By Claude-Anne Lopez ; Eugenia W. Herbert | Go to book overview

XVII
Tug Of War

Neighbor was against neighbor, father against the son and the son against the father, and he that would not thrust his own blade through his brother's heart was called an infamous villain.
--Stephen Gorham, petition of July 22, 1777

"I BROUGHT OVER A GRANDSON with me, a fine Lad of about 15. . . . You will be pleas'd with him when you see him."1 Written to Jane Mecom a few weeks after his landing in Philadelphia on May 5, 1775, these words from her brother were probably the first intimation she had of Temple's existence. Elizabeth Franklin, too, may have been kept in the dark many years.

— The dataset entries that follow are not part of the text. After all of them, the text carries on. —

(* Let $\Gamma$ be a typing environment, $\sigma$ a channel state and $P$ a process. If the configuration $\sigma\triangleright P$ is well-typed, $\Gamma\vdash\sigma\triangleright P$, then $\sigma\triangleright P$ has no error reduction, i.e., $\sigma\triangleright P\not\to^{\mathrm{err}}$.
   Context: Syntax (π-calculus with allocation). Channel names $c,d\in\mathcal N$, variables $x,y$, identifiers $u,v$ ranging over both, process variables $X$. Processes: $P,Q ::= u!\langle\vec v\rangle.P \mid u?(\vec x).P \mid \mathbf 0 \mid \mathsf{if}\ u=v\ \mathsf{then}\ P\ \mathsf{else}\ Q \mid \mathsf{rec}\,X.P \mid X \mid P\mid Q \mid (\nu c{:}s)P \mid \mathsf{alloc}\,x.P \mid \mathsf{free}\,u.P$, where $s\in\{\top,\bot\}$ (allocated/deallocated). Input binds $\vec x$, $\mathsf{alloc}$ binds $x$, $(\nu c{:}s)$ binds $c$, $\mathsf{rec}$ binds $X$. A channel state is a finite partial map $\sigma$ from channel names to $\{\top,\bot\}$; a configuration $\sigma\triangleright P$ requires the free names of $P$ to lie in $\mathrm{dom}(\sigma)$; it is closed if $P$ has no free variables. Contexts: $\mathcal C ::= [-]\mid \mathcal C\mid P\mid P\mid\mathcal C\mid (\nu c)\mathcal C$, applied to configurations by $[\sigma\triangleright P]=\sigma\triangleright P$; if $\mathcal C[\sigma\triangleright P]=\sigma'\triangleright P'$ then $(\mathcal C\mid Q)[\sigma\triangleright P]=\sigma'\triangleright(P'\mid Q)$, $(Q\mid\mathcal C)[\sigma\triangleright P]=\sigma'\triangleright(Q\mid P')$; and if $\mathcal C[\sigma\triangleright P]=\sigma',c{:}s\triangleright P'$ then $((\nu c)\mathcal C)[\sigma\triangleright P]=\sigma'\triangleright(\nu c{:}s)P'$. $\equiv$ is a standard π-calculus structural equivalence. Error reduction $\to^{\mathrm{err}}$ is the least relation on configurations closed under contexts (if $\sigma\triangleright P\to^{\mathrm{err}}$ then $\mathcal C[\sigma\triangleright P]\to^{\mathrm{err}}$) satisfying: $\sigma\triangleright c!\langle\vec d\rangle.P\mid c?(\vec x).Q\to^{\mathrm{err}}$ if $|\vec d|\ne|\vec x|$; $\sigma\triangleright c!\langle\vec d\rangle.P\to^{\mathrm{err}}$ if $\sigma(c)=\bot$; $\sigma\triangleright c?(\vec x).Q\to^{\mathrm{err}}$ if $\sigma(c)=\bot$; and $\sigma\triangleright P\to^{\mathrm{err}}$ if $P\equiv Q$ and $\sigma\triangleright Q\to^{\mathrm{err}}$. Types: $T::=[T_1,\dots,T_n]^a\mid\mathsf{Proc}$, attributes $a::=\mathsf{aff}\mid\mathsf{un}\mid\bullet_i$ ($i\in\mathbb N$; $\bullet_i$ = unique after $i$ steps). Typing environments are finite multisets of assumptions $u:T$ or $X:\mathsf{Proc}$. Decrement: $\Gamma,u:[\vec T]^{a-1}$ is $\Gamma$ if $a=\mathsf{aff}$, $\Gamma,u:[\vec T]^{\mathsf{un}}$ if $a=\mathsf{un}$, $\Gamma,u:[\vec T]^{\bullet_i}$ if $a=\bullet_{i+1}$. Splitting: $[\vec T]^{\mathsf{un}}=[\vec T]^{\mathsf{un}}\circ[\vec T]^{\mathsf{un}}$, $\mathsf{Proc}=\mathsf{Proc}\circ\mathsf{Proc}$, $[\vec T]^{\bullet_i}=[\vec T]^{\mathsf{aff}}\circ[\vec T]^{\bullet_{i+1}}$. Subtyping rules: $\bullet_i\le\bullet_{i+1}$, $\bullet_{i+1}\le\mathsf{un}$, $\mathsf{un}\le\mathsf{aff}$, $[\vec T]^{a_1}\le[\vec T]^{a_2}$ if $a_1\le a_2$. The judgement $\Gamma\vdash P$ is inductively defined by (bound variables fresh, commas denote multiset union): if $\Gamma,u:[\vec T]^{a-1},\vec x:\vec T\vdash P$ then $\Gamma,u:[\vec T]^a\vdash u?(\vec x).P$; if $\Gamma,u:[\vec T]^{a-1}\vdash P$ then $\Gamma,u:[\vec T]^a,\vec v:\vec T\vdash u!\langle\vec v\rangle.P$; if $\Gamma_1\vdash P$ and $\Gamma_2\vdash Q$ then $\Gamma_1,\Gamma_2\vdash P\mid Q$; if $u,v$ occur in $\Gamma$, $\Gamma\vdash P$ and $\Gamma\vdash Q$ then $\Gamma\vdash\mathsf{if}\ u=v\ \mathsf{then}\ P\ \mathsf{else}\ Q$; if $\Gamma^{\mathsf{un}},X:\mathsf{Proc}\vdash P$ then $\Gamma^{\mathsf{un}}\vdash\mathsf{rec}\,X.P$, where $\Gamma^{\mathsf{un}}$ contains only unrestricted assumptions; $X:\mathsf{Proc}\vdash X$; if $\Gamma,x:[\vec T]^{\bullet_0}\vdash P$ then $\Gamma\vdash\mathsf{alloc}\,x.P$; if $\Gamma\vdash P$ then $\Gamma,u:[\vec T]^{\bullet_0}\vdash\mathsf{free}\,u.P$; $\emptyset\vdash\mathbf 0$; if $\Gamma,c:T\vdash P$ then $\Gamma\vdash(\nu c{:}\top)P$; if $\Gamma\vdash P$ then $\Gamma\vdash(\nu c{:}\bot)P$; and the structural rules: if $T=T_1\circ T_2$ and $\Gamma,u:T_1,u:T_2\vdash P$ then $\Gamma,u:T\vdash P$; if $\Gamma\vdash P$ then $\Gamma,u:T\vdash P$; if $\Gamma,u:T_2\vdash P$ and $T_1\le T_2$ then $\Gamma,u:T_1\vdash P$; if $\Gamma,u:[\vec T_2]^{\bullet_0}\vdash P$ then $\Gamma,u:[\vec T_1]^{\bullet_0}\vdash P$. Configuration typing: $\Gamma\vdash\sigma\triangleright P$ holds iff $\sigma(c)=\top$ for every channel name $c\in\mathrm{dom}(\Gamma)$, $\Gamma\vdash P$, and $\Gamma$ is a partial function. *)

From Stdlib Require Import List Arith Permutation Relations.
Import ListNotations.

Inductive ident : Type :=
| IChan (c : nat)
| IVar (x : nat).

(* Channel allocation states: Top = allocated, Bot = deallocated. *)
Inductive cstate : Type := Top | Bot.

Inductive proc : Type :=
| POut (u : ident) (vs : list ident) (P : proc)
| PIn (u : ident) (xs : list nat) (P : proc)      (* u?(xs).P, binds variables xs *)
| PNil
| PIf (u v : ident) (P Q : proc)
| PRec (X : nat) (P : proc)
| PVar (X : nat)
| PPar (P Q : proc)
| PNu (c : nat) (s : cstate) (P : proc)           (* (nu c:s) P, binds channel c *)
| PAlloc (x : nat) (P : proc)                     (* alloc x.P, binds variable x *)
| PFree (u : ident) (P : proc).

Definition chans (us : list ident) : list nat :=
  flat_map (fun u => match u with IChan c => [c] | IVar _ => [] end) us.

Fixpoint fn (P : proc) : list nat :=
  match P with
  | POut u vs P => chans (u :: vs) ++ fn P
  | PIn u _ P => chans [u] ++ fn P
  | PNil => []
  | PIf u v P Q => chans [u; v] ++ fn P ++ fn Q
  | PRec _ P => fn P
  | PVar _ => []
  | PPar P Q => fn P ++ fn Q
  | PNu c _ P => filter (fun d => negb (Nat.eqb d c)) (fn P)
  | PAlloc _ P => fn P
  | PFree u P => chans [u] ++ fn P
  end.

Fixpoint names (P : proc) : list nat :=
  match P with
  | POut u vs P => chans (u :: vs) ++ names P
  | PIn u _ P => chans [u] ++ names P
  | PNil => []
  | PIf u v P Q => chans [u; v] ++ names P ++ names Q
  | PRec _ P => names P
  | PVar _ => []
  | PPar P Q => names P ++ names Q
  | PNu c _ P => c :: names P
  | PAlloc _ P => names P
  | PFree u P => chans [u] ++ names P
  end.

Definition ren_id (c d : nat) (u : ident) : ident :=
  match u with
  | IChan e => if Nat.eqb e c then IChan d else IChan e
  | IVar x => IVar x
  end.

Fixpoint rename (c d : nat) (P : proc) : proc :=
  match P with
  | POut u vs P => POut (ren_id c d u) (map (ren_id c d) vs) (rename c d P)
  | PIn u xs P => PIn (ren_id c d u) xs (rename c d P)
  | PNil => PNil
  | PIf u v P Q => PIf (ren_id c d u) (ren_id c d v) (rename c d P) (rename c d Q)
  | PRec X P => PRec X (rename c d P)
  | PVar X => PVar X
  | PPar P Q => PPar (rename c d P) (rename c d Q)
  | PNu e s P => if Nat.eqb e c then PNu e s P else PNu e s (rename c d P)
  | PAlloc x P => PAlloc x (rename c d P)
  | PFree u P => PFree (ren_id c d u) (rename c d P)
  end.

Inductive scong : proc -> proc -> Prop :=
| sc_refl P : scong P P
| sc_sym P Q : scong P Q -> scong Q P
| sc_trans P Q R : scong P Q -> scong Q R -> scong P R
| sc_out u vs P P' : scong P P' -> scong (POut u vs P) (POut u vs P')
| sc_in u xs P P' : scong P P' -> scong (PIn u xs P) (PIn u xs P')
| sc_if u v P P' Q Q' : scong P P' -> scong Q Q' -> scong (PIf u v P Q) (PIf u v P' Q')
| sc_rec X P P' : scong P P' -> scong (PRec X P) (PRec X P')
| sc_par P P' Q Q' : scong P P' -> scong Q Q' -> scong (PPar P Q) (PPar P' Q')
| sc_nu c s P P' : scong P P' -> scong (PNu c s P) (PNu c s P')
| sc_alloc x P P' : scong P P' -> scong (PAlloc x P) (PAlloc x P')
| sc_free u P P' : scong P P' -> scong (PFree u P) (PFree u P')
| sc_par_nil P : scong (PPar P PNil) P
| sc_par_comm P Q : scong (PPar P Q) (PPar Q P)
| sc_par_assoc P Q R : scong (PPar (PPar P Q) R) (PPar P (PPar Q R))
| sc_nu_nil c s : scong (PNu c s PNil) PNil
| sc_nu_swap c s d t P : c <> d -> scong (PNu c s (PNu d t P)) (PNu d t (PNu c s P))
| sc_extr c s P Q : ~ In c (fn Q) -> scong (PPar (PNu c s P) Q) (PNu c s (PPar P Q))
| sc_alpha c d s P : ~ In d (names P) -> scong (PNu c s P) (PNu d s (rename c d P)).

Definition chstate := nat -> option cstate.

Definition finite_state (sigma : chstate) : Prop :=
  exists l : list nat, forall c, sigma c <> None -> In c l.

Definition upd (sigma : chstate) (c : nat) (s : cstate) : chstate :=
  fun d => if Nat.eqb d c then Some s else sigma d.

Definition is_config (sigma : chstate) (P : proc) : Prop :=
  forall c, In c (fn P) -> sigma c <> None.

Definition all_chans (vs : list ident) : Prop :=
  Forall (fun v => exists d, v = IChan d) vs.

Once it had become poignantly clear, however, that the governor and his wife would remain childless, there was no more talk of passing Temple off as the offspring of an indigent relation: He was coming home to be acknowledged finally as William's son and the last male Franklin of the American line. It took very little time for this London adolescent to become an unquestioned, essential member of the Philadelphia family. Before long he would be the only bridge between Benjamin and William, his love and loyalty fiercely contended for by both.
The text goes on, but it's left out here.